Conflict of interest denied in crime-lab scandal case

An independent judge has denied claims of bias made by prosecutors about another judge who lambasted District Attorney Kamala Harris’ office in the wake of the crime-lab scandal.

In May, Judge Anne-Christine Massullo slammed the District At-torney’s Office for failing to provide information about lab technician Deborah Madden’s criminal past to defense attorneys, which is a violation of the U.S. Constitution.

Harris had placed the blame with the Police Department, which held Madden’s personnel records but failed to provide a history of disciplinary actions to prosecutors.

Massullo, however, said prosecutors were just as much to blame because they work closely with police and that “by at least Nov. 19, 2009, individuals at the highest levels of the District Attorney’s Office knew that Madden was not a dependable witness at trial and that there were serious concerns regarding the crime lab.”

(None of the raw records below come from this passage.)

(* a d-dimensional feature f : X -> R^d given by its components F i *)
Definition Lambda (d : nat) (F : 'I_d -> X -> R) : 'M[R]_d :=
  \matrix_(i, j) inner (F i) (F j).
Definition condE (d : nat) (F : 'I_d -> X -> R) (y : bool) : 'cV[R]_d :=
  \col_i ((\sum_(x : X) P x y * (F i x - EX (F i))) / PY y).
(* H(f) = 1/2 E[ || Lambda^{-1/2} E[ftilde(X)|Y] ||^2 ]
        = 1/2 E[ E[ftilde|Y]^T Lambda^{-1} E[ftilde|Y] ] *)
Definition Hscore (d : nat) (F : 'I_d -> X -> R) : R :=
  2^-1 * \sum_(y : bool) PY y *
    ((condE F y)^T *m invmx (Lambda F) *m condE F y) ord0 ord0.

Definition H1 (f : X -> R) : R := Hscore (fun _ : 'I_1 => f).

Definition HG (G : {vspace {ffun X -> R^o}}) : R :=
  Hscore (fun i : 'I_(\dim G) => (fun x : X => (tnth (vbasis G) i) x : R)).

End HScore.

(* Under the modal decomposition P(x,y) = P_X(x) P_Y(y) (1 + rho f*(x) g*(y)), the
   centred conditional expectation of a feature F given Y = y is rho g*(y) times the
   vector a of covariances <f*, F_i>, so H(F) = rho^2/2 a^T Lambda_F^-1 a.  Since the
   projection p of f* onto G satisfies <f*, h> = <p, h> on G, for a basis F of G one has
   a = Lambda_F c with p = sum_i c_i F_i, whence H(G) = rho^2/2 c^T Lambda_F c
   = rho^2/2 ||p||^2.  For a single feature f in G, H(f) = rho^2/2 <p, f>^2 / ||f||^2,
   which by Cauchy-Schwarz is at most rho^2/2 ||p||^2, with equality at f = p. *)
From HB Require Import structures.
From mathcomp Require Import all_boot all_order all_algebra.
From mathcomp Require Import reals ring lra.
Set Implicit Arguments. Unset Strict Implicit. Unset Printing Implicit Defensive.
Import Order.TTheory GRing.Theory Num.Theory.
Local Open Scope ring_scope.

Lemma quadratic_ge0_discr (R : realFieldType) (a b c : R) : 0 <= c ->
  (forall t, 0 <= a + 2 * b * t + c * t ^+ 2) -> b ^+ 2 <= a * c.
Proof.
move=> c_ge0 q_ge0; have [c0|c_neq0] := eqVneq c 0.
  have [b0|b_neq0] := eqVneq b 0; first by rewrite b0 c0 expr0n mulr0.
  have := q_ge0 (- (a + 1) / (2 * b)); rewrite c0 mul0r addr0.
  have -> : a + 2 * b * (- (a + 1) / (2 * b)) = -1 by field; rewrite ?b_neq0 ?pnatr_eq0.
  by rewrite oppr_ge0 ler10.
have c_gt0 : 0 < c by rewrite lt_def c_neq0.
have := q_ge0 (- b / c).
have -> : a + 2 * b * (- b / c) + c * (- b / c) ^+ 2 = (a * c - b ^+ 2) / c by field.
by rewrite pmulr_lge0 ?invr_gt0 // subr_ge0.
Qed.

Section InnerProduct.
Variables (R : realType) (X : finType) (P : X -> bool -> R).
Implicit Types (f g h : X -> R).

Lemma eq_inner f f' g g' : f =1 f' -> g =1 g' -> inner P f g = inner P f' g'.
Proof. by move=> eq_f eq_g; apply: eq_bigr => x _; rewrite eq_f eq_g. Qed.

Lemma innerC f g : inner P f g = inner P g f.
Proof. by apply: eq_bigr => x _; rewrite [f x * _]mulrC. Qed.

Lemma inner_subl f g h :
  inner P (fun x => f x - g x) h = inner P f h - inner P g h.
Proof. by rewrite /inner -sumrB; apply: eq_bigr => x _; ring. Qed.

Lemma inner_suml n (c : 'I_n -> R) (F : 'I_n -> X -> R) g :
  inner P (fun x => \sum_i c i * F i x) g = \sum_i c i * inner P (F i) g.
Proof.
rewrite /inner; under eq_bigr do rewrite mulr_suml mulr_sumr.
rewrite exchange_big; apply: eq_bigr => i _; rewrite mulr_sumr.
by apply: eq_bigr => x _; ring.
Qed.

Lemma inner_addZ f g t :
  inner P (fun x => f x + t * g x) (fun x => f x + t * g x)
  = inner P f f + 2 * inner P f g * t + inner P g g * t ^+ 2.
Proof.
rewrite /inner -mulrA mulrC !mulr_suml -!big_split /=.
by apply: eq_bigr => x _; ring.
Qed.

Lemma Lambda_form n (F : 'I_n -> X -> R) (u : 'cV[R]_n) :
  (u^T *m Lambda P F *m u) 0 0
  = inner P (fun x => \sum_i u i 0 * F i x) (fun x => \sum_i u i 0 * F i x).
Proof.
rewrite inner_suml mxE; apply: eq_bigr => j _; rewrite !mxE mulrC; congr (_ * _).
rewrite innerC inner_suml; apply: eq_bigr => i _.
by rewrite !mxE innerC mulrC.
Qed.

Lemma trmx_Lambda n (F : 'I_n -> X -> R) : (Lambda P F)^T = Lambda P F.
Proof. by apply/matrixP => i j; rewrite !mxE innerC. Qed.

Lemma Lambda_mx1 f : Lambda P (fun _ : 'I_1 => f) = (inner P f f)%:M.
Proof. by rewrite [LHS]mx11_scalar mxE. Qed.

Hypothesis PX_ge0 : forall x, 0 <= PX P x.

Lemma inner_ge0 f : 0 <= inner P f f.
Proof. by apply: sumr_ge0 => x _; rewrite mulr_ge0 // -expr2 sqr_ge0. Qed.

Lemma inner_CauchySchwarz f g : inner P f g ^+ 2 <= inner P f f * inner P g g.
Proof.
apply: quadratic_ge0_discr; first exact: inner_ge0.
by move=> t; rewrite -inner_addZ inner_ge0.
Qed.

(* ||p + t h - f||^2 >= ||p - f||^2 for every t forces the linear coefficient to vanish. *)
Lemma fnorm_min_orthogonal (G : {vspace {ffun X -> R^o}}) (p : {ffun X -> R^o}) f :
  p \in G ->
  (forall h : {ffun X -> R^o}, h \in G ->
     fnorm P (fun x => p x - f x) <= fnorm P (fun x => h x - f x)) ->
  forall h : {ffun X -> R^o}, h \in G -> inner P (fun x => p x - f x) (fun x => h x) = 0.
Proof.
move=> pG p_min h hG; set e := fun x => p x - f x.
suff : inner P e (fun x => h x) ^+ 2 <= 0 * inner P (fun x => h x) (fun x => h x).
  by rewrite mul0r exprn_even_le0 //= => /eqP.
apply: quadratic_ge0_discr => [|t]; first exact: inner_ge0.
have := p_min (p + t *: h); rewrite memvD ?memvZ // => /(_ isT).
rewrite /fnorm ler_sqrt ?inner_ge0 //.
have -> : inner P (fun x => (p + t *: h) x - f x) (fun x => (p + t *: h) x - f x)
        = inner P (fun x => e x + t * h x) (fun x => e x + t * h x).
  by apply: eq_inner => x; rewrite !ffunE addrAC.
by rewrite inner_addZ; lra.
Qed.

Hypothesis PX_gt0 : forall x, 0 < PX P x.

Lemma inner_eq0 f : inner P f f = 0 -> f =1 (fun=> 0).
Proof.
move/eqP; rewrite psumr_eq0 => [/allP f0 x|x _]; last first.
  by apply: mulr_ge0; [exact: ltW (PX_gt0 x) | rewrite -expr2 sqr_ge0].
have := f0 x (mem_index_enum x).
by rewrite -expr2 mulf_eq0 (gt_eqF (PX_gt0 x)) sqrf_eq0 => /eqP.
Qed.

Lemma Lambda_unitmx n (F : 'I_n -> X -> R) :
  (forall u : 'cV[R]_n, (forall x, \sum_i u i 0 * F i x = 0) -> u = 0) ->
  Lambda P F \in unitmx.
Proof.
move=> F_free; rewrite -row_free_unit -kermx_eq0; apply/eqP/row_matrixP => i.
set r := row i _; have rL : r *m Lambda P F = 0 by rewrite -row_mul mulmx_ker row0.
have := Lambda_form F r^T; rewrite trmxK rL mul0mx mxE => /esym/inner_eq0 r0.
by rewrite row0 -[r]trmxK (F_free _ r0) trmx0.
Qed.

End InnerProduct.

Section VbasisPointwise.
Variables (K : fieldType) (X : finType) (G : {vspace {ffun X -> K^o}}).
Let b (i : 'I_(\dim G)) : X -> K := fun x => tnth (vbasis G) i x.

Lemma vbasis_free_pointwise (u : 'cV[K]_(\dim G)) :
  (forall x, \sum_i u i 0 * b i x = 0) -> u = 0.
Proof.
move=> u0; have /freeP u_coef0 := basis_free (vbasisP G).
suff comb0 : \sum_i u i 0 *: (vbasis G)`_i = 0.
  by apply/matrixP => i j; rewrite ord1 mxE (u_coef0 _ comb0).
apply/ffunP => x; rewrite sum_ffunE [RHS]ffunE -[RHS](u0 x).
by apply: eq_bigr => i _; rewrite ffunE /b (tnth_nth 0).
Qed.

Prosecutors countered with court filings claiming Massullo’s husband was a defense attorney and had appeared on a panel to talk about the so-called Brady issues, creating a conflict of interest that should disqualify Massullo from ruling on the case. Under Brady policy, a witness must disclose any past criminal history.

Monterey County Superior Court Judge Thomas Wills was brought in to rule on the motion and denied it in a decision filed Wednesday.

The District Attorney’s Office said the motion was only a way to get clarification about a possible conflict of interest, according to spokeswoman Erica Derryck.

“Judge Massullo invited us to file this challenge after refusing to respond to direct queries in open court for information about an appearance of conflict,” Derryck said.